Koch: Musikalisches Lexikon

Aesthetik.

<90> Mit diesem aus dem Griechischen hergeleiteten Worte wird überhaupt die Kenntniß und Darstellung des sinnlich Schönen bezeichnet. Nach Sulzers Erklärung [FN: Allg. Theorie der schönen Künste] ist sie die Philosophie der schönen Künste, oder die Wissenschaft, welche sowohl die allgemeine Theorie, als auch die Regeln der schönen Künste aus der Natur des Geschmacks herleitet. - In einen andern Gesichtspunkt wird dieser Gegenstand durch Kants Kritik der ästhetischen Urtheilskraft gerückt.

"Nach den Begriffen, welche Kant von dem Schönen und dem Geschmack giebt," (sagt Heydenreich) [FN: Kurzgefaßtes Handwörterbuch über die schönen Künste, S. 20] "können Geschmacksurtheile durch Beweisgründe gar nicht bestimmbar seyn, vielmehr hängt der Bestimmungsgrund eines jeden von der Reflexion des Subjekts über seinen eignen Zustand, der Lust oder Unlust ab, mit Ausschlagung aller Vorschriften und Regeln.
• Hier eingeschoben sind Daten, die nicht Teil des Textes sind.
Lemma coupling_convex t m1 n1 pi1 m2 n2 pi2 : 0 <= t <= 1 ->
  coupling m1 n1 pi1 -> coupling m2 n2 pi2 ->
  coupling (fun x => t * m1 x + (1 - t) * m2 x) (fun y => t * n1 y + (1 - t) * n2 y)
           (fun x y => t * pi1 x y + (1 - t) * pi2 x y).
Proof.
move=> /andP[t0 t1] [pi1_ge0 [pi1_row pi1_col]] [pi2_ge0 [pi2_row pi2_col]].
split; first by move=> x y; rewrite addr_ge0 ?mulr_ge0 ?subr_ge0.
by split=> [x|y]; rewrite big_split /= -!mulr_sumr ?pi1_row ?pi2_row ?pi1_col ?pi2_col.
Qed.

Lemma transport_cost_convex (c : V -> V -> R) t pi1 pi2 :
  transport_cost c (fun x y => t * pi1 x y + (1 - t) * pi2 x y) =
    t * transport_cost c pi1 + (1 - t) * transport_cost c pi2.
Proof.
rewrite /transport_cost !mulr_sumr -big_split /=; apply: eq_bigr => x _.
rewrite !mulr_sumr -big_split /=; apply: eq_bigr => y _; ring.
Qed.

(* The gluing of pi1 and pi2 along their common marginal n; where n y = 0 both
   couplings vanish, so the junk value 0 is harmless. *)
Definition glue n pi1 pi2 (x y z : V) : R :=
  if n y == 0 then 0 else pi1 x y * pi2 y z / n y.

Section Gluing.
Variables (m n r : V -> R) (pi1 pi2 : V -> V -> R).
Hypotheses (pi1_coupling : coupling m n pi1) (pi2_coupling : coupling n r pi2).

Lemma glue_ge0 x y z : 0 <= glue n pi1 pi2 x y z.
Proof.
case: pi1_coupling pi2_coupling => [pi1_ge0 [_ pi1_col]] [pi2_ge0 _].
rewrite /glue; case: ifP => // _; apply: divr_ge0; first exact: mulr_ge0.
by rewrite -pi1_col; apply: sumr_ge0.
Qed.

Lemma sum_glue_last x y : \sum_z glue n pi1 pi2 x y z = pi1 x y.
Proof.
case: pi1_coupling pi2_coupling => [pi1_ge0 [_ pi1_col]] [_ [pi2_row _]].
rewrite /glue; have [ny0|ny_neq0] := eqVneq (n y) 0; last first.
  by rewrite -mulr_suml -mulr_sumr pi2_row mulfK.
rewrite big1 // (psumr_eq0P (P := predT) (F := fun x => pi1 x y)) //.
by rewrite pi1_col.
Qed.

Lemma sum_glue_first y z : \sum_x glue n pi1 pi2 x y z = pi2 y z.
Proof.
case: pi1_coupling pi2_coupling => [_ [_ pi1_col]] [pi2_ge0 [pi2_row _]].
rewrite /glue; have [ny0|ny_neq0] := eqVneq (n y) 0; last first.
  by rewrite -!mulr_suml pi1_col mulrC mulrA mulVf ?mul1r.
rewrite big1 // (psumr_eq0P (P := predT) (F := fun z => pi2 y z)) //.
by rewrite pi2_row.
Qed.

Lemma coupling_glue : coupling m r (fun x z => \sum_y glue n pi1 pi2 x y z).
Proof.
case: pi1_coupling pi2_coupling => [_ [pi1_row _]] [_ [_ pi2_col]].
split; first by move=> x z; apply: sumr_ge0 => y _; exact: glue_ge0.
split=> [x|z]; rewrite exchange_big /=.
  by rewrite -pi1_row; apply: eq_bigr => y _; exact: sum_glue_last.
by rewrite -pi2_col; apply: eq_bigr => y _; exact: sum_glue_first.
Qed.

Lemma transport_cost_glue (c : V -> V -> R) :
  (forall x y z, c x z <= c x y + c y z) ->
  transport_cost c (fun x z => \sum_y glue n pi1 pi2 x y z) <=
    transport_cost c pi1 + transport_cost c pi2.
Proof.
move=> c_tri; pose g := glue n pi1 pi2.
have -> : transport_cost c pi1 = \sum_x \sum_z \sum_y g x y z * c x y.
  apply: eq_bigr => x _; rewrite exchange_big /=; apply: eq_bigr => y _.
  by rewrite -mulr_suml sum_glue_last.
have -> : transport_cost c pi2 = \sum_x \sum_z \sum_y g x y z * c y z.
  rewrite exchange_big /= (eq_bigr (fun z => \sum_y \sum_x g x y z * c y z)).
    rewrite exchange_big /=; apply: eq_bigr => y _; apply: eq_bigr => z _.
    by rewrite -mulr_suml sum_glue_first.
  by move=> z _; rewrite exchange_big.
rewrite -big_split /=; apply: ler_sum => x _; rewrite -big_split /=.
apply: ler_sum => z _; rewrite mulr_suml -big_split /=.
by apply: ler_sum => y _; rewrite -mulrDr ler_wpM2l ?glue_ge0.
Qed.

End Gluing.

End Couplings.

Section Hypergraph.
Variables (R : realType) (V : finType) (H : {set {set V}}) (w : {set V} -> R).
Hypothesis w_pos : forall h, h \in H -> 0 < w h.
Hypothesis H_size : forall h, h \in H -> (2 <= #|h|)%N.
Hypothesis H_conn : hconnected H.
Implicit Types (a t : R) (m n r : V -> R).

Local Notation d := (hdist H w).
Local Notation path_weights u v :=
  ([set x : R | exists p, hyperpath H u v p /\ x = \sum_(h <- p) w h])%classic.

Lemma sum_w_ge0 (p : seq {set V}) : all (mem H) p -> 0 <= \sum_(h <- p) w h.
Proof. by move=> /allP pH; rewrite big_seq sumr_ge0 // => h /pH/w_pos/ltW. Qed.

Lemma path_weights_ge0 u v : lbound (path_weights u v) 0.
Proof. by move=> _ [p [/and5P[_ pH _ _ _] ->]]; exact: sum_w_ge0. Qed.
Keine Philosophie kann also nach diesem Weltweisen Prinzipien des Geschmacks in dem Sinne aufstellen, daß darunter Grundsätze gemeint seyen, unter die man den Begriff eines Gegenstandes ordnen könne, um schlußmäßig herauszubringen, daß <91> es schön sey. Allein allerdings sollen die Aesthetiker nach ihm über die Erkenntnißvermögen und ihr Geschäfte in den Geschmacksurtheilen Nachforschung thun, und die wechselseitige subjektive Zweckmäßigkeit, deren Form in einer gegebenen Vorstellung die Schönheit des Gegenstandes derselben ist, in Beispielen auseinander setzen."

"Es giebt also nach Kant eine Kritik des Geschmacks, als die Kunst oder Wissenschaft des wechselseitigen Verhältnisses des Verstandes und der Einbildungskraft zu einander in der gegebenen Vorstellung, mithin die Einhelligkeit oder Mißhelligkeit derselben unter Regeln zu bringen, und sie in Ansehung ihrer Bedingungen zu bestimmen. Die Kritik des Geschmacks ist Wissenschaft, wenn sie die Möglichkeit einer solchen Beurtheilung von der Natur jener Vermögen als Erkenntnißvermögen ableitet, das subjektive Prinzip entwickelt, welches unsre Urtheilskraft bey Urtheilen über das Schöne befolgt, und es als ein ihr ursprünglich eigenes rechtfertigt. Als Kunst sucht die Kritik des Geschmacks blos die psychologischen empirischen Regeln, nach denen der Geschmack wirklich verfährt, auf die Beurtheilung seiner Gegenstände anzuwenden, und kritisirt die Produkte der Kunst, so wie sie, als Wissenschaft, das Vermögen des Geschmacks selbst kritisirt. Die Kritik des Geschmacks, als Kunst, setzt eine ausgebreitete Kenntniß der Psychologie, und ein tiefes Studium der Natur der Künste und ihrer klassischen Werke voraus."

Ueber diesen vielumfassenden und besonders für den Tonsetzer äusserst wichtigen Gegenstand handeln Eberhards Theorie der schönen Wissenschaften, Halle 1789; Heydenreichs System der Aesthetik, Leipz. 1790; Sulzer, in seiner allgem. Theorie der schönen Künste; das kurzgefaßte Handwörterbuch über die schönen Künste, Leipz. 1794 u. and. mehr.